I have upgraded an older mainboard with a GTX 1660 Ti which I had previously used in another Arch system where it was fully operational, including CUDA.
Now on this machine with a fresh Arch installation, I can't seem to get it working with CUDA despite installing all the drivers and packages.
Kernel:
[dennis@0xDBServer ~]$ uname -a
Linux 0xDBServer 5.16.0-arch1-1 #1 SMP PREEMPT Mon, 10 Jan 2022 20:11:47 +0000 x86_64 GNU/Linux
CPU:
[dennis@0xDBServer ~]$ lscpu
Architecture: x86_64
CPU op-mode(s): 32-bit, 64-bit
Address sizes: 36 bits physical, 48 bits virtual
Byte Order: Little Endian
CPU(s): 4
On-line CPU(s) list: 0-3
Vendor ID: GenuineIntel
Model name: Intel(R) Core(TM)2 Quad CPU Q6600 @ 2.40GHz
CPU family: 6
Model: 15
Thread(s) per core: 1
Core(s) per socket: 4
Socket(s): 1
Stepping: 11
CPU max MHz: 2403.0000
CPU min MHz: 1603.0000
BogoMIPS: 4801.07
Flags: fpu vme de pse tsc msr pae mce cx8 apic sep mtrr pge mca cmov pat pse36 clflush dts acpi mmx fxsr sse sse2 ht
tm pbe syscall nx lm constant_tsc arch_perfmon pebs bts rep_good nopl cpuid aperfmperf pni dtes64 monitor ds_c
pl vmx est tm2 ssse3 cx16 xtpr pdcm lahf_lm pti tpr_shadow vnmi flexpriority vpid dtherm
Virtualization features:
Virtualization: VT-x
Caches (sum of all):
L1d: 128 KiB (4 instances)
L1i: 128 KiB (4 instances)
L2: 8 MiB (2 instances)
NUMA:
NUMA node(s): 1
NUMA node0 CPU(s): 0-3
Vulnerabilities:
Itlb multihit: KVM: Mitigation: VMX disabled
L1tf: Mitigation; PTE Inversion; VMX EPT disabled
Mds: Vulnerable: Clear CPU buffers attempted, no microcode; SMT disabled
Meltdown: Mitigation; PTI
Spec store bypass: Vulnerable
Spectre v1: Mitigation; usercopy/swapgs barriers and __user pointer sanitization
Spectre v2: Mitigation; Full generic retpoline, STIBP disabled, RSB filling
Srbds: Not affected
Tsx async abort: Not affected
Mainboard:
[dennis@0xDBServer ~]$ sudo dmidecode
# dmidecode 3.3
Getting SMBIOS data from sysfs.
SMBIOS 2.5 present.
54 structures occupying 1991 bytes.
Table at 0x000FB4F0.
Handle 0x0000, DMI type 0, 24 bytes
BIOS Information
Vendor: American Megatrends Inc.
Version: V1.7
Release Date: 07/29/2008
Address: 0xF0000
Runtime Size: 64 kB
ROM Size: 512 kB
Characteristics:
ISA is supported
PCI is supported
PNP is supported
APM is supported
BIOS is upgradeable
BIOS shadowing is allowed
ESCD support is available
Boot from CD is supported
Selectable boot is supported
BIOS ROM is socketed
EDD is supported
5.25"/1.2 MB floppy services are supported (int 13h)

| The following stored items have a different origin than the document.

(* Let $A,B\in \mathbb{R}^{m\times n}$ with $m<n$ and let $1\le p\le\infty$. Suppose $A = M_A - N_A$ with $M_A,N_A\in\mathbb{R}^{m\times n}$, $\operatorname{rank}(M_A) = m$, and $\|M_A^\dagger N_A\|_p+ \|M_A^\dagger B\|_p < 1.$ Then for any given $b\in\mathbb{R}^m$, the equation $x = M_A^\dagger\left(N_A x + B|x|+b\right)$ in $x\in\mathbb{R}^n$ has a unique solution, and that solution also satisfies the generalized absolute value equation $Ax-B|x|=b$.
   Context: $M^\dagger$ denotes the Moore–Penrose inverse of $M$. $|x|$ denotes the entrywise absolute value of $x\in\mathbb{R}^n$. $\|\cdot\|_p$ on matrices denotes the operator norm induced by the vector $p$-norm. *)

From HB Require Import structures.
From mathcomp Require Import all_boot all_order all_algebra.
From mathcomp Require Import all_classical all_reals all_analysis.
Set Implicit Arguments. Unset Strict Implicit. Unset Printing Implicit Defensive.
Import Order.TTheory GRing.Theory Num.Theory.
Local Open Scope ring_scope.
Local Open Scope classical_set_scope.

Definition is_mpinv (R : realType) (m n : nat) (M : 'M[R]_(m, n)) (X : 'M[R]_(n, m)) : Prop :=
  [/\ M *m X *m M = M, X *m M *m X = X, (M *m X)^T = M *m X & (X *m M)^T = X *m M].

(* The Moore-Penrose inverse M^dagger (unique, exists for every real matrix). *)
Definition mpinv (R : realType) (m n : nat) (M : 'M[R]_(m, n)) : 'M[R]_(n, m) :=
  xget 0 [set X | is_mpinv M X].

Definition absv (R : realType) (n : nat) (x : 'cV[R]_n) : 'cV[R]_n :=
  map_mx (fun a => `|a|) x.

Definition vpnorm (R : realType) (p : \bar R) (n : nat) (x : 'cV[R]_n) : R :=
  match p with
  | EFin r => (\sum_(i < n) `|x i 0| `^ r) `^ r^-1
  | _ => \big[Num.max/0]_(i < n) `|x i 0|
  end.

Definition opnorm (R : realType) (p : \bar R) (k n : nat) (M : 'M[R]_(k, n)) : R :=
  sup [set vpnorm p (M *m x) / vpnorm p x | x in [set x : 'cV[R]_n | x != 0]].

From HB Require Import structures.
From mathcomp Require Import all_boot all_order all_algebra.
From mathcomp Require Import all_classical all_reals all_analysis.
Set Implicit Arguments. Unset Strict Implicit. Unset Printing Implicit Defensive.
Import Order.TTheory GRing.Theory Num.Theory.
Local Open Scope ring_scope.

(* Write q := ||M^+ N||_p + ||M^+ B||_p < 1. Since | |x| - |y| | <= |x - y|
   entrywise and the p-norm is monotone in the moduli of the entries, the map
   x |-> M^+ (N x + B|x| + b) is q-Lipschitz for the p-norm, hence has a unique
   fixed point. Full row rank gives M M^+ = I, so multiplying the fixed-point
   equation by M yields (M - N) x - B|x| = b. Banach's theorem is applied in
   the max norm: by equivalence of norms on R^n some iterate of the map is a
   contraction for it, and the unique fixed point of that iterate is fixed by
   the map itself. *)

Lemma ereal_ge1_cases (R : realType) (p : \bar R) : (1 <= p)%E ->
  p = +oo%E \/ exists2 r : R, p = r%:E & 1 <= r.
Proof.
case: p => [r||]; [by rewrite lee_fin; right; exists r | by left | by []].
Qed.

Lemma powRK (R : realType) (a r : R) : 0 <= a -> r != 0 -> (a `^ r) `^ r^-1 = a.
Proof. by move=> a0 r0; rewrite -powRrM mulfV // powRr1. Qed.

Section mx_norm_entries.
Variable R : realDomainType.

Lemma entry_le_mx_norm m n (x : 'M[R]_(m, n)) i j : `|x i j| <= `|x|.
Proof. by rewrite [leRHS]mx_normrE; exact: (le_bigmax _ _ (i, j)). Qed.

Lemma mx_norm_le m n (x : 'M[R]_(m, n)) c :
  0 <= c -> (forall i j, `|x i j| <= c) -> `|x| <= c.
Proof.
by move=> c0 xc; rewrite [leLHS]mx_normrE; apply: bigmax_le => // -[i j].
Qed.

Lemma mx_norm_mulmx_le m n l (M : 'M[R]_(m, n)) (x : 'M[R]_(n, l)) :
  `|M *m x| <= n%:R * `|M| * `|x|.
Proof.
apply: mx_norm_le => [|i j]; first by rewrite !mulr_ge0.
rewrite mxE (le_trans (ler_norm_sum _ _ _)) //.
apply: le_trans (_ : \sum_(k < n) `|M| * `|x| <= _).
  apply: ler_sum => k _; rewrite normrM.
  by apply: ler_pM; rewrite ?normr_ge0 ?entry_le_mx_norm.
by rewrite sumr_const card_ord -mulrA mulr_natl.
Qed.

End mx_norm_entries.

Section finite_exponent.
Variables (R : realType) (r : R).
Hypothesis r_ge1 : 1 <= r.

Let r_gt0 : 0 < r. Proof. exact: lt_le_trans ltr01 r_ge1. Qed.
Let r_ge0 : 0 <= r. Proof. exact: ltW. Qed.
Let rV_ge0 : 0 <= r^-1. Proof. by rewrite invr_ge0. Qed.

(* Minkowski's inequality for [vpnorm] is that of [Lnorm] for the counting
   measure on [nat]. *)
Definition seq_of_cV k (x : 'cV[R]_k) (i : nat) : R :=
  if (insub i : option 'I_k) is Some j then x j 0 else 0.

Lemma seq_of_cVD k (x y : 'cV[R]_k) :
  seq_of_cV (x + y) = (seq_of_cV x \+ seq_of_cV y)%R.
Proof.
apply/funext => i; rewrite /seq_of_cV /=.
by case: insub => [j|]; rewrite ?mxE ?addr0.
Qed.

Lemma vpnorm_Lnorm_counting k (x : 'cV[R]_k) :
  (vpnorm r%:E x)%:E = ('N[counting]_r%:E[EFin \o seq_of_cV x])%E.
Proof.
rewrite Lnorm_counting // (nneseries_split 0 k) ?add0n; last first.
  by move=> *; rewrite poweR_ge0.
rewrite eseries0 ?adde0; last first.
  move=> i ki _; rewrite /= /seq_of_cV insubF ?normr0 ?powR0 ?gt_eqF //.
  by rewrite ltnNge ki.
rewrite big_mkord; under eq_bigr => i _ do rewrite /= /seq_of_cV valK.
by rewrite sumEFin poweR_EFin.
Qed.

Lemma ler_vpnormD_fin k (x y : 'cV[R]_k) :
  vpnorm r%:E (x + y) <= vpnorm r%:E x + vpnorm r%:E y.
Proof.
rewrite -lee_fin EFinD !vpnorm_Lnorm_counting seq_of_cVD.
exact: minkowski_EFin.
Qed.

Lemma le_vpnorm_fin k (x y : 'cV[R]_k) : (forall i, `|x i 0| <= `|y i 0|) ->
  vpnorm r%:E x <= vpnorm r%:E y.
Proof.
move=> xy; apply: ge0_ler_powR; rewrite ?nnegrE ?sumr_ge0 //;
  do ?by move=> i _; rewrite powR_ge0.
by apply: ler_sum => i _; apply: ge0_ler_powR; rewrite ?nnegrE.
Qed.

Lemma entry_le_vpnorm_fin k (x : 'cV[R]_k) i : `|x i 0| <= vpnorm r%:E x.
Proof.
rewrite -[leLHS](powRK (normr_ge0 _) (lt0r_neq0 r_gt0)).
apply: ge0_ler_powR; rewrite ?nnegrE ?powR_ge0 ?sumr_ge0 //;
  do ?by move=> j _; rewrite powR_ge0.
by rewrite (bigD1 i) //= lerDl sumr_ge0 // => j _; rewrite powR_ge0.
Qed.

Lemma vpnorm_le_mx_norm_fin k (x : 'cV[R]_k) :
  vpnorm r%:E x <= k%:R `^ r^-1 * `|x|.
Proof.
rewrite -[X in _ * X](powRK (normr_ge0 x) (lt0r_neq0 r_gt0)).
rewrite -powRM ?powR_ge0 //.
apply: ge0_ler_powR; rewrite ?nnegrE ?mulr_ge0 ?powR_ge0 ?sumr_ge0 //;
  do ?by move=> j _; rewrite powR_ge0.
apply: le_trans (_ : \sum_(i < k) `|x| `^ r <= _).
  apply: ler_sum => i _; apply: ge0_ler_powR; rewrite ?nnegrE //.
  exact: entry_le_mx_norm.
by rewrite sumr_const card_ord mulr_natl.
Qed.

End finite_exponent.

Section vector_pnorm.
Variables (R : realType) (p : \bar R).
Hypothesis p_ge1 : (1 <= p)%E.

Lemma vpnorm_ge0 k (x : 'cV[R]_k) : 0 <= vpnorm p x.
Proof.
case/ereal_ge1_cases: p_ge1 => [->|[r -> _]]; first exact: bigmax_ge_id.
exact: powR_ge0.
Qed.

Lemma entry_le_vpnorm k (x : 'cV[R]_k) i : `|x i 0| <= vpnorm p x.
Proof.
case/ereal_ge1_cases: p_ge1 => [->|[r -> r1]]; last exact: entry_le_vpnorm_fin.
exact: (le_bigmax _ (fun j => `|x j 0|)).
Qed.

Lemma le_vpnorm k (x y : 'cV[R]_k) : (forall i, `|x i 0| <= `|y i 0|) ->
  vpnorm p x <= vpnorm p y.
Proof.
case/ereal_ge1_cases: p_ge1 => [->|[r -> r1]] xy; last exact: le_vpnorm_fin.
exact: le_bigmax2.
Qed.

Lemma ler_vpnormD k (x y : 'cV[R]_k) :
  vpnorm p (x + y) <= vpnorm p x + vpnorm p y.
Proof.
case/ereal_ge1_cases: p_ge1 => [->|[r -> r1]]; last exact: ler_vpnormD_fin.
apply: bigmax_le => [|i _]; first by rewrite addr_ge0 ?bigmax_ge_id.
rewrite mxE (le_trans (ler_normD _ _)) // lerD //.
  exact: (le_bigmax _ (fun j => `|x j 0|)).
exact: (le_bigmax _ (fun j => `|y j 0|)).
Qed.

Lemma mx_norm_le_vpnorm k (x : 'cV[R]_k) : `|x| <= vpnorm p x.
Proof.
apply: mx_norm_le => [|i j]; first exact: vpnorm_ge0.
by rewrite (ord1 j); exact: entry_le_vpnorm.
Qed.

Lemma vpnorm_le_mx_norm k :
  exists2 K, 0 <= K & forall x : 'cV[R]_k, vpnorm p x <= K * `|x|.
Proof.
case/ereal_ge1_cases: p_ge1 => [->|[r -> r1]].
  exists 1 => // x; rewrite mul1r; apply: bigmax_le => // i _.
  exact: entry_le_mx_norm.
by exists (k%:R `^ r^-1); [exact: powR_ge0 | exact: vpnorm_le_mx_norm_fin].
Qed.

Lemma vpnorm_le0 k (x : 'cV[R]_k) : (vpnorm p x <= 0) = (x == 0).
Proof.
apply/idP/eqP => [x0|->].
  by apply/eqP; rewrite -normr_le0 (le_trans (mx_norm_le_vpnorm x)).
have [K _ /(_ 0)] := vpnorm_le_mx_norm k.
by rewrite normr0 mulr0.
Qed.

Lemma vpnorm0 k : vpnorm p (0 : 'cV[R]_k) = 0.
Proof. by apply/eqP; rewrite eq_le vpnorm_le0 eqxx vpnorm_ge0. Qed.

Lemma vpnorm_gt0 k (x : 'cV[R]_k) : x != 0 -> 0 < vpnorm p x.
Proof. by rewrite -vpnorm_le0 -ltNge. Qed.

Lemma vpnorm_absvB k (x y : 'cV[R]_k) :
  vpnorm p (absv x - absv y) <= vpnorm p (x - y).
Proof. by apply: le_vpnorm => i; rewrite !mxE ler_dist_dist. Qed.

End vector_pnorm.

Section operator_norm.
Variables (R : realType) (p : \bar R).
Hypothesis p_ge1 : (1 <= p)%E.

Lemma opnorm_ubound k l (M : 'M[R]_(k, l)) :
  has_ubound
    [set vpnorm p (M *m x) / vpnorm p x | x in [set x : 'cV[R]_l | x != 0]].
Proof.
have [K K0 hK] := vpnorm_le_mx_norm p_ge1 k.
exists (K * (l%:R * `|M|)) => _ [x /= x0 <-].
rewrite ler_pdivrMr ?vpnorm_gt0 // (le_trans (hK _)) // -mulrA ler_wpM2l //.
rewrite (le_trans (mx_norm_mulmx_le _ _)) // ler_wpM2l ?mulr_ge0 //.
exact: mx_norm_le_vpnorm.
Qed.

Lemma ler_opnorm k l (M : 'M[R]_(k, l)) (x : 'cV[R]_l) :
  vpnorm p (M *m x) <= opnorm p M * vpnorm p x.
Proof.
have [->|x0] := eqVneq x 0.
  by rewrite mulmx0 !vpnorm0 // mulr0.
rewrite -ler_pdivrMr ?vpnorm_gt0 //.
by apply: ub_le_sup; [exact: opnorm_ubound | exists x].
Qed.

Lemma opnorm_ge0 k l (M : 'M[R]_(k, l)) : 0 <= opnorm p M.
Proof.
rewrite /opnorm; set S := (X in sup X).
have [S0|/set0P[y Sy]] := eqVneq S set0; first by rewrite S0 sup0.
apply: le_trans (ub_le_sup (opnorm_ubound M) Sy).
by case: Sy => x _ <-; rewrite divr_ge0 ?vpnorm_ge0.
Qed.

End operator_norm.

Lemma row_mulmx_tr_eq0 (R : realDomainType) n (w : 'rV[R]_n) :
  w *m w^T = 0 -> w = 0.
Proof.
move=> /matrixP /(_ 0 0); rewrite !mxE => /eqP.
under eq_bigr do rewrite mxE -expr2.
rewrite psumr_eq0 => [/allP w0|i _]; last exact: sqr_ge0.
apply/rowP => j; apply/eqP; rewrite mxE -sqrf_eq0.
exact: w0 (mem_index_enum j).
Qed.

Lemma row_free_mulmx_tr_unit (R : realFieldType) m n (M : 'M[R]_(m, n)) :
  row_free M -> M *m M^T \in unitmx.
Proof.
move=> Mfree; rewrite -row_free_unit; apply: inj_row_free => v vMMT0.
apply: (row_free_inj Mfree); rewrite mul0mx; apply: row_mulmx_tr_eq0.
by rewrite trmx_mul mulmxA -(mulmxA v) vMMT0 mul0mx.
Qed.

Lemma mulmx_mpinv (R : realType) m n (M : 'M[R]_(m, n)) :
  row_free M -> M *m mpinv M = 1%:M.
Proof.
move=> Mfree; have MMT_unit := row_free_mulmx_tr_unit Mfree.
pose X := M^T *m invmx (M *m M^T).
have MX : M *m X = 1%:M by rewrite mulmxA mulmxV.
have [MXM _ _ _] : is_mpinv M (mpinv M).
  apply: (xgetPex 0); exists X; split.
  - by rewrite MX mul1mx.
  - by rewrite -mulmxA MX mulmx1.
  - by rewrite MX trmx1.
  - by rewrite !trmx_mul trmxK trmx_inv trmx_mul trmxK mulmxA.
by rewrite -[LHS]mulmx1 -MX mulmxA MXM.
Qed.

Lemma expr_mul_lt1 (R : realType) (q K : R) :
  `|q| < 1 -> exists k, q ^+ k * K < 1.
Proof.
move=> q_lt1.
have /cvgr0_norm_lt/(_ 1 ltr01) [k _ qkK] :
    ((fun k => q ^+ k * K) @ \oo --> 0)%classic.
  by rewrite -(mul0r K); apply: cvgMl; exact: cvg_expr.
by exists k; apply: le_lt_trans (qkK k (leqnn k)); exact: ler_norm.
Qed.

(* Makes [banach_fixed_point] applicable to matrices: their complete
   structure is otherwise not found from the normed-module one. *)
HB.instance Definition _ (R : realType) m n := Complete.on 'M[R]_(m, n).

Section contraction.
Variables (R : realType) (p : \bar R) (n : nat).
Hypothesis p_ge1 : (1 <= p)%E.
Variables (T : 'cV[R]_n -> 'cV[R]_n) (q : R).
Hypotheses (q_ge0 : 0 <= q) (q_lt1 : q < 1).
Hypothesis T_lipschitz :
  forall x y, vpnorm p (T x - T y) <= q * vpnorm p (x - y).

Lemma iter_lipschitz j x y :
  vpnorm p (iter j T x - iter j T y) <= q ^+ j * vpnorm p (x - y).
Proof.
elim: j x y => [|j IH] x y /=; first by rewrite mul1r.
by rewrite exprS -mulrA (le_trans (T_lipschitz _ _)) // ler_wpM2l.
Qed.

Lemma vpnorm_contraction_fixpoint :
  exists z, z = T z /\ forall y, y = T y -> y = z.
Proof.
have [K K_ge0 vpnormK] := vpnorm_le_mx_norm p_ge1 n.
have [k qkK_lt1] : exists k, q ^+ k * K < 1.
  by apply: expr_mul_lt1; rewrite ger0_norm.
pose Tk : {fun [set: 'cV[R]_n] >-> [set: 'cV[R]_n]} :=
  totalfun_ setT (iter k T).
have Tk_contraction : is_contraction Tk.
  have qkK_ge0 : 0 <= q ^+ k * K by rewrite mulr_ge0 ?exprn_ge0.
  exists (NngNum qkK_ge0); split => // -[x y] _ /=; rewrite /totalfun_.
  rewrite (le_trans (mx_norm_le_vpnorm p_ge1 _)) //.
  rewrite (le_trans (iter_lipschitz k x y)) //.
  by rewrite -mulrA ler_wpM2l ?exprn_ge0.
have Tk_unique y z : y = iter k T y -> z = iter k T z -> y = z.
  exact: (contraction_fixpoint_unique Tk_contraction).
have [z _ zTk] := banach_fixed_point Tk_contraction closedT (ex_intro _ 0 I).
exists z; split => [|y yT].
  by apply: Tk_unique (zTk) _; rewrite -iterSr iterS -zTk.
by apply: Tk_unique (zTk); rewrite iter_fix // -yT.
Qed.

End contraction.

Section splitting_iteration.
Variables (R : realType) (m n : nat).
Variables (X : 'M[R]_(n, m)) (N B : 'M[R]_(m, n)) (b : 'cV[R]_m).

Definition splitting_map (x : 'cV[R]_n) := X *m (N *m x + B *m absv x + b).

Lemma splitting_mapB x y : splitting_map x - splitting_map y =
  (X *m N) *m (x - y) + (X *m B) *m (absv x - absv y).
Proof.
rewrite /splitting_map -mulmxBr -!mulmxA -mulmxDr; congr (X *m _).
by rewrite !mulmxBr opprD addrACA subrr addr0 opprD addrACA.
Qed.

Lemma splitting_map_lipschitz p : (1 <= p)%E -> forall x y,
  vpnorm p (splitting_map x - splitting_map y) <=
  (opnorm p (X *m N) + opnorm p (X *m B)) * vpnorm p (x - y).
Proof.
move=> p_ge1 x y; rewrite splitting_mapB mulrDl.
rewrite (le_trans (ler_vpnormD p_ge1 _ _)) // lerD ?ler_opnorm //.
rewrite (le_trans (ler_opnorm p_ge1 _ _)) // ler_wpM2l ?opnorm_ge0 //.
exact: vpnorm_absvB.
Qed.

Lemma splitting_fixpoint_solves (M : 'M[R]_(m, n)) x :
  M *m X = 1%:M -> x = splitting_map x -> (M - N) *m x - B *m absv x = b.
Proof.
move=> MX xT; have Mx : M *m x = N *m x + B *m absv x + b.
  by rewrite {1}xT mulmxA MX mul1mx.
by rewrite mulmxBl Mx [_ + b]addrC -addrA -opprD addrK.
Qed.

End splitting_iteration.

Theorem theorem3p1 (R : realType) (m n : nat) (p : \bar R)
  (A B MA NA : 'M[R]_(m, n)) :
  (m < n)%N -> (1 <= p)%E -> A = MA - NA -> \rank MA = m ->
  opnorm p (mpinv MA *m NA) + opnorm p (mpinv MA *m B) < 1 ->
  forall b : 'cV[R]_m,
    exists x : 'cV[R]_n,
      [/\ x = mpinv MA *m (NA *m x + B *m absv x + b),
          A *m x - B *m absv x = b &
          forall y : 'cV[R]_n,
            y = mpinv MA *m (NA *m y + B *m absv y + b) -> y = x].
Proof.
move=> _ p_ge1 -> rankMA q_lt1 b.
have q_ge0 : 0 <= opnorm p (mpinv MA *m NA) + opnorm p (mpinv MA *m B).
  by rewrite addr_ge0 ?opnorm_ge0.
have [x [xT x_unique]] := vpnorm_contraction_fixpoint p_ge1 q_ge0 q_lt1
  (splitting_map_lipschitz (mpinv MA) NA B b p_ge1).
exists x; split => //.
apply: splitting_fixpoint_solves xT.
by apply: mulmx_mpinv; rewrite /row_free rankMA.
Qed.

3.5"/720 kB floppy services are supported (int 13h)
3.5"/2.88 MB floppy services are supported (int 13h)
Print screen service is supported (int 5h)
8042 keyboard services are supported (int 9h)
Serial services are supported (int 14h)
Printer services are supported (int 17h)
CGA/mono video services are supported (int 10h)
ACPI is supported
USB legacy is supported
LS-120 boot is supported
ATAPI Zip drive boot is supported
BIOS boot specification is supported
Targeted content distribution is supported
BIOS Revision: 8.13
Handle 0x0001, DMI type 1, 27 bytes
System Information
Manufacturer: MSI
Product Name: MS-7350
Version: 1.0
Serial Number: To Be Filled By O.E.M.
UUID: Not Present
Wake-up Type: Power Switch
SKU Number: To Be Filled By O.E.M.
Family: To Be Filled By O.E.M.
relevant packages:
[dennis@0xDBServer ~]$ pacman -Q | grep cuda
cuda 11.5.1-1
cuda-tools 11.5.1-1
[dennis@0xDBServer ~]$ pacman -Q | grep nvidia
lib32-nvidia-cg-toolkit 3.1-7
lib32-nvidia-utils 495.46-1
lib32-opencl-nvidia 495.46-1
nvidia-cg-toolkit 3.1-6
nvidia-dkms 495.46-2
nvidia-settings 495.46-2
nvidia-utils 495.46-2
opencl-nvidia 495.46-2
I have made sure the drivers are loaded and included in the initramfs:
[dennis@0xDBServer ~]$ cat /etc/mkinitcpio.conf | grep MODULES=\(nvidia
MODULES=(nvidia nvidia_modeset nvidia_uvm nvidia_drm)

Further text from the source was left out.